►

Lemma compact_caratheodory (K : set V) : compact K -> lam.-caratheodory K.
Proof.
move=> cK; have /closed_openC/open_caratheodory/(@measurableC _ M) : closed K.
  exact: compact_closed.
by rewrite setCK.
Qed.

Lemma lebesgue_n_box_lty (a b : V) : lam (box a b) < +oo.
Proof.
pose a' k : V := if k is 0 then a else const_mx 1%R.
pose b' k : V := if k is 0 then b else 0%R.
apply: (le_lt_trans (@lebesgue_n_le_cover _ _ _ a' b' _)).
  by move=> x xab; exists 0%N.
have -> : \sum_(0 <= k <oo) (box_vol (a' k) (b' k))%:E = (box_vol a b)%:E.
  apply: lim_near_cst => //; near=> N.
  have N0 : (0 < N)%N by near: N; exists 1%N.
  rewrite -(prednK N0) big_nat_recl // big1 ?adde0 // => k _.
  rewrite /a' /b' /box_vol big_ord_recl !mxE sub0r.
  by rewrite (_ : Num.max 0 (-1) = 0)%R ?mul0r // max_l // lerN10.
by rewrite ltry.
Unshelve. all: by end_near. Qed.

Lemma lebesgue_n_compact_fin (K : set V) : compact K -> lam K \is a fin_num.
Proof.
move=> /compact_bounded [r [_ Hr]].
rewrite ge0_fin_numE ?lebesgue_n_ge0 //.
apply: le_lt_trans (lebesgue_n_box_lty (const_mx (- (r + 1))%R) (const_mx (r + 1)%R)).
apply: le_lebesgue_n => x Kx j; rewrite !mxE -ler_norml.
have xr : (`|x| <= r + 1)%R by apply: Hr; rewrite ?ltrDl.
apply: le_trans xr; rewrite [leRHS]/Num.norm /= mx_normrE.
by apply/bigmax_geP; right; exists (ord0, j).
Qed.

End Caratheodory.

Section Shadow.
Variables (R : realType) (n : nat).
Notation V := 'rV[R]_n.+1.
Notation lam := (@lebesgue_n R n.+1).
Notation M := (caratheodory_type lam).

Definition shadow (K : set V) (u : V) : set V :=
  [set x | exists2 t, 0 < t & K (x - t *: u)].

Lemma shadowE K u :
  shadow K u = \bigcup_m mink_sum K (line_segment u m.+1%:R^-1 m.+1%:R).
Proof.
rewrite predeqE => x; split.
  move=> [t t0 Kt]; exists (Num.truncn (t + t^-1)) => //.
  exists (x - t *: u) => //; exists (t *: u); last by rewrite subrK.
  exists t => //; apply/set_itvccP.
  have := truncnS_gt (t + t^-1); set m := (Num.truncn _).+1%:R => tm.
  have t'0 : 0 < t^-1 by rewrite invr_gt0.
  rewrite invf_ple ?posrE ?ltr0n //; apply/andP; split; apply: ltW; lra.
move=> [m _ [k Kk [_ [t /set_itvccP/andP[t1 _] <-] <-]]].
exists t; last by rewrite addrK.
by apply: lt_le_trans t1; rewrite invr_gt0.
Qed.

Lemma shadow_caratheodory K u : compact K -> lam.-caratheodory (shadow K u).
Proof.
move=> cK; rewrite shadowE; apply: (@bigcup_measurable _ M) => m _.
by apply: compact_caratheodory; apply: mink_sum_compact => //; exact: line_segment_compact.
Qed.
(* Let $n\ge1$, $T\ge2$, let $G=([T],\mathcal{E})$ be an undirected graph with incidence matrix $D$ (any edge orientation), Laplacian $L=D^\top D$ with eigenvalues $\lambda_1\ge\cdots\ge\lambda_{T-1}\ge\lambda_T=0$, and $M=D\otimes I_n$. Let $C_t\in\mathbb{R}^{m_t\times n}$ for $t\in[T]$, $C=\mathrm{blockdiag}(C_1,\dots,C_T)$ and $O_T^\top O_T=\sum_{t=1}^T C_t^\top C_t$. Let $b_1,b_2,b_3>0$ satisfy $$\lambda_{T-1}\ge b_1,\qquad \frac{\lambda_{\min}(O_T^\top O_T)}{T}\ge b_2,\qquad 2\|C\|_2\frac{\lambda_{\max}^{1/2}(O_T^\top O_T)}{\sqrt T}\le b_3,$$ and let $\mu>0$. Then $\lambda_{\min}(\mu M^\top M+C^\top C)\ge\overline{\lambda}(\mu):=\max\{\overline{\lambda'}(\mu),\lambda_{\min}(C^\top C)\}$, where $$\overline{\lambda'}(\mu)=\begin{cases}\dfrac{b_2^2}{2(b_2^2+b_3^2)}\mu b_1, & \text{if } \mu b_1<b_2+\dfrac{b_3^2-b_2^2}{2b_2},\\[2mm] \dfrac14\Big(1-\dfrac{\mu b_1-b_2}{\sqrt{b_3^2+(\mu b_1-b_2)^2}}\Big)\mu b_1+\dfrac{b_2}{4}+\dfrac{b_2(\mu b_1-b_2)-b_3^2}{4\sqrt{b_3^2+(\mu b_1-b_2)^2}}, & \text{if } \mu b_1\ge b_2+\dfrac{b_3^2-b_2^2}{2b_2}.\end{cases}$$ In particular, if $\mu b_1\ge b_2+\frac{b_3^2}{b_2}$ then $\overline{\lambda'}(\mu)\ge\frac{b_2}{4}$.
   Context: $\otimes$ is the Kronecker product; $\lambda_{\min},\lambda_{\max}$ denote smallest/largest eigenvalues of symmetric matrices; $\|\cdot\|_2$ is the spectral norm; $\mathrm{blockdiag}$ denotes the block-diagonal matrix with the given diagonal blocks. *)

From HB Require Import structures.
From mathcomp Require Import all_boot all_order all_algebra.
From mathcomp Require Import boolp reals.
Set Implicit Arguments. Unset Strict Implicit. Unset Printing Implicit Defensive.
Import Order.TTheory GRing.Theory Num.Theory.
Local Open Scope ring_scope.

Section Defs.
Variable R : realType.

(* For real symmetric matrices such s exists and is unique. *)
Definition is_spectrum (k : nat) (A : 'M[R]_k) (s : seq R) : Prop :=
  sorted (fun x y : R => y <= x) s /\ char_poly A = \prod_(a <- s) ('X - a%:P).

(* the (nonincreasing) list of eigenvalues with multiplicity; [::] if the
   characteristic polynomial does not split over R (never happens for the
   symmetric matrices used below). *)
Definition spectrum (k : nat) (A : 'M[R]_k) : seq R :=
  match pselect (exists s, is_spectrum A s) with
  | left h => projT1 (cid h)
  | right _ => [::]
  end.

(* i-th largest eigenvalue, 1-indexed: eig A 1 = lambda_1 = lambda_max. *)
Definition eig (k : nat) (A : 'M[R]_k) (i : nat) : R := nth 0 (spectrum A) i.-1.
Definition lambda_max (k : nat) (A : 'M[R]_k) : R := eig A 1.
Definition lambda_min (k : nat) (A : 'M[R]_k) : R := eig A k.

Definition spec_norm (p q : nat) (A : 'M[R]_(p, q)) : R :=
  Num.sqrt (lambda_max (A^T *m A)).

Definition kron (p q r s : nat) (A : 'M[R]_(p, q)) (B : 'M[R]_(r, s))
  : 'M[R]_(\sum_(i < p) r, \sum_(j < q) s) :=
  \mxblock_(i < p, j < q) (A i j *: B).

Definition blockdiag (T n : nat) (m : 'I_T -> nat) (Cs : forall t, 'M[R]_(m t, n))
  : 'M[R]_(\sum_(i < T) m i, \sum_(j < T) n) :=
  \mxblock_(i < T, j < T) (if i == j then Cs i else 0).

(* D : 'M_(E, T) is an incidence matrix of the simple undirected graph g
   (symmetric irreflexive relation on [T]) for some orientation of its edges:
   rows are in bijection with the edges, and row r is e_{src r} - e_{dst r}. *)
Definition is_incidence (T E : nat) (g : rel 'I_T) (D : 'M[R]_(E, T)) : Prop :=
  exists src dst : 'I_E -> 'I_T,
    (forall r, g (src r) (dst r)) /\
    (forall u v, g u v -> exists! r : 'I_E,
         (src r = u /\ dst r = v) \/ (src r = v /\ dst r = u)) /\
    (forall r w, D r w = (w == src r)%:R - (w == dst r)%:R).
Lemma phi_dist_le k a b : CXK X a -> CXK X b ->
  (forall x, `|a x - b x| <= k.+1%:R^-1) <->
  (forall y, `|phi a y - phi b y| <= k.+1%:R^-1).
Proof.
move=> ca cb; set e : R := k.+1%:R^-1.
have dist_le (T : Type) (c d : T -> R) : (forall t, `|c t - d t| <= e) <->
    (forall t, 0 <= (cst e \+ (c \- d)) t) /\ (forall t, 0 <= (cst e \+ (d \- c)) t).
  split=> [cd|[cd dc] t]; first by split=> t /=; have := cd t; rewrite ler_norml; lra.
  by have := cd t; have := dc t; rewrite ler_norml /=; lra.
have phi_shift_ge0 c d : CXK X c -> CXK X d ->
    (forall x, 0 <= (cst e \+ (c \- d)) x) <->
    (forall y, 0 <= (cst e \+ (phi c \- phi d)) y).
  move=> cc cd; rewrite -phiB // -phi_cst_inv_succ -phiD; [|exact: CXK_cst|exact: CXKB].
  exact/phi_ge0/(CXKD (CXK_cst _) (CXKB cc cd)).
by split=> /dist_le[H1 H2]; apply/dist_le; split; apply/phi_shift_ge0.
Qed.

Lemma iso_CY_closed_unif_limits : closed_unif_limits (@CXK R X).
Proof.
move=> u f cu uf; have [_ _ phi_surj] := phi_bij.
have [w vw] : exists w : Y -> R, unif_cvg (phi \o u) w.
  apply: unif_cauchy_cvg => k; have [N uN] := unif_cvg_cauchy uf k.
  by exists N => m n Nm Nn; apply/phi_dist_le; [exact: cu | exact: cu | exact: uN].
have Cw : CY Y w by apply: unif_cvg_continuous vw => n; exact: phi_continuous.
have [h ch phih] := phi_surj _ Cw.
suff uh : unif_cvg u h by rewrite (unif_cvg_unique uf uh).
apply/unif_cvgP => k; have [N vN] := (unif_cvgP _ _).1 vw k.
by exists N => n Nn; apply/phi_dist_le => //; rewrite phih; exact: vN.
Qed.

End RingIsomorphism.

Lemma dependent_choice_seq {T : Type} (P : seq T -> T -> Prop) :
  (forall s, exists t, P s t) -> exists x : nat -> T, forall n, P (mkseq x n) (x n).
Proof.
move=> /choice[g gP].
pose fix prefix n := if n is n'.+1 then rcons (prefix n') (g (prefix n')) else [::].
exists (fun n => g (prefix n)) => n.
suff -> : mkseq (fun i => g (prefix i)) n = prefix n by exact: gP.
by elim: n => //= n IH; rewrite mkseqS IH.
Qed.

Section MetricSequences.
Context {R : realType} {X : metricType R}.
Implicit Types (x : nat -> X) (L : set X) (G : set_system X).

Lemma cluster_seq_ball {x c} : cluster (x @ \oo) c ->
  forall e : R, 0 < e -> forall N, exists2 n, (N <= n)%N & ball c e (x n).
Proof.
move=> xc e e0 N; have ce := nbhsx_ballx c _ e0.
have [|_ [[n Nn <-] cxn]] := xc (x @` [set n | (N <= n)%N]) _ _ ce.
  by exists N => // n /= Nn; exists n.
by exists n.
Qed.

Lemma separated_seq_no_cluster {x} {e : R} : 0 < e ->
  (forall m n, (m < n)%N -> ~ ball (x m) e (x n)) -> forall c, ~ cluster (x @ \oo) c.
Proof.
move=> e0 sep c xc; have e20 : 0 < e / 2 by rewrite divr_gt0.
have [m _ cxm] := cluster_seq_ball xc _ e20 0.
have [n mn cxn] := cluster_seq_ball xc _ e20 m.+1.
by apply: (sep m n mn); rewrite [e](splitr e); exact: ball_triangle (ball_sym cxm) cxn.
Qed.

Lemma small_balls_seq {G L} : ProperFilter G -> G L ->
  (forall e : R, 0 < e -> exists p, G (ball p e)) ->
  exists x, (forall n, L (x n)) /\ forall c, cluster (x @ \oo) c -> G --> c.
Proof.
move=> PG GL small.
have /choice[p Gp] k : exists p, G (ball p k.+1%:R^-1).
  by apply: small; rewrite invr_gt0.
have /choice[x xp] k : exists z, (L `&` ball (p k) k.+1%:R^-1) z.
  exact: filter_ex (filterI GL (Gp k)).
exists x; split=> [n|c xc]; first by have [] := xp n.
apply/fcvg_ballP => e e0; have [|k ke] := @exists_inv_succ_lt R (e / 4).
  by rewrite divr_gt0.
have [|n kn cxn] := cluster_seq_ball xc (e / 2) _ k; first by rewrite divr_gt0.
(* [ball (p n) r] is in [G], and within [e/2 + 2r < e] of [c] as [r < e/4]. *)
apply: filterS (Gp n) => y pny; have [_ pnxn] := xp n.
have nk : n.+1%:R^-1 <= k.+1%:R^-1 :> R by rewrite lef_pV2 ?posrE // ler_nat ltnS.
apply: (le_ball _ (ball_triangle (ball_triangle cxn (ball_sym pnxn)) pny)).
by move: nk ke; move: n.+1%:R^-1 k.+1%:R^-1 => rn rk; lra.
Qed.

Lemma ultra_far_seq {G L} {e : R} : UltraFilter G -> G L -> 0 < e ->
  (forall p, ~ G (ball p e)) ->
  exists x, (forall n, L (x n)) /\ forall m n, (m < n)%N -> ~ ball (x m) e (x n).
Proof.
move=> UG GL e0 far.
have Gfar p : G (~` ball p e) by have [/far|] := in_ultra_setVsetC (ball p e) UG.
have [|x xP] := @dependent_choice_seq _
  (fun s z => L z /\ forall q, q \in s -> ~ ball q e z).
  move=> s; apply: (@filter_ex _ G); elim: s => [|q s IH].
    by apply: filterS GL.
  apply: filterS (filterI IH (Gfar q)) => z [[Lz sz] qz]; split=> // q'.
  by rewrite in_cons => /orP[/eqP -> //|]; exact: sz.
exists x; split=> [n|m n mn]; first by have [] := xP n.
by have [_] := xP n; apply; rewrite /mkseq map_f // mem_iota.
Qed.

Lemma closed_not_compact_seq L : closed L -> ~ compact L ->
  exists x, (forall n, L (x n)) /\ forall c, ~ cluster (x @ \oo) c.
Proof.
move=> clL ncL.
have [G [UG GL Gnc]] : exists G : set_system X,
    [/\ UltraFilter G, G L & forall c : X, ~ G --> c].
  apply: contrapT => nG; apply: ncL; rewrite compact_ultra => G UG GL.
  apply: contrapT => nlim; apply: nG; exists G; split=> // c Gc.
  apply: nlim; exists c; split=> //; apply: clL => B /Gc GB.
  exact: filter_ex (filterI GL GB).
have [small|] := pselect (forall e : R, 0 < e -> exists p, G (ball p e)).
  have [x [Lx xc]] := small_balls_seq _ GL small.
  by exists x; split=> // c /xc; exact: Gnc.
move=> /existsNP[e /not_implyP[e0 /forallNP far]].
have [x [Lx sep]] := ultra_far_seq UG GL e0 far.
by exists x; split=> //; exact: separated_seq_no_cluster e0 sep.
Qed.

End MetricSequences.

◄

## [Assignment]
If a line in the records contains the word "edges", copy it.

## [Solution to this exercise]
   (symmetric irreflexive relation on [T]) for some orientation of its edges:
   rows are in bijection with the edges, and row r is e_{src r} - e_{dst r}. *)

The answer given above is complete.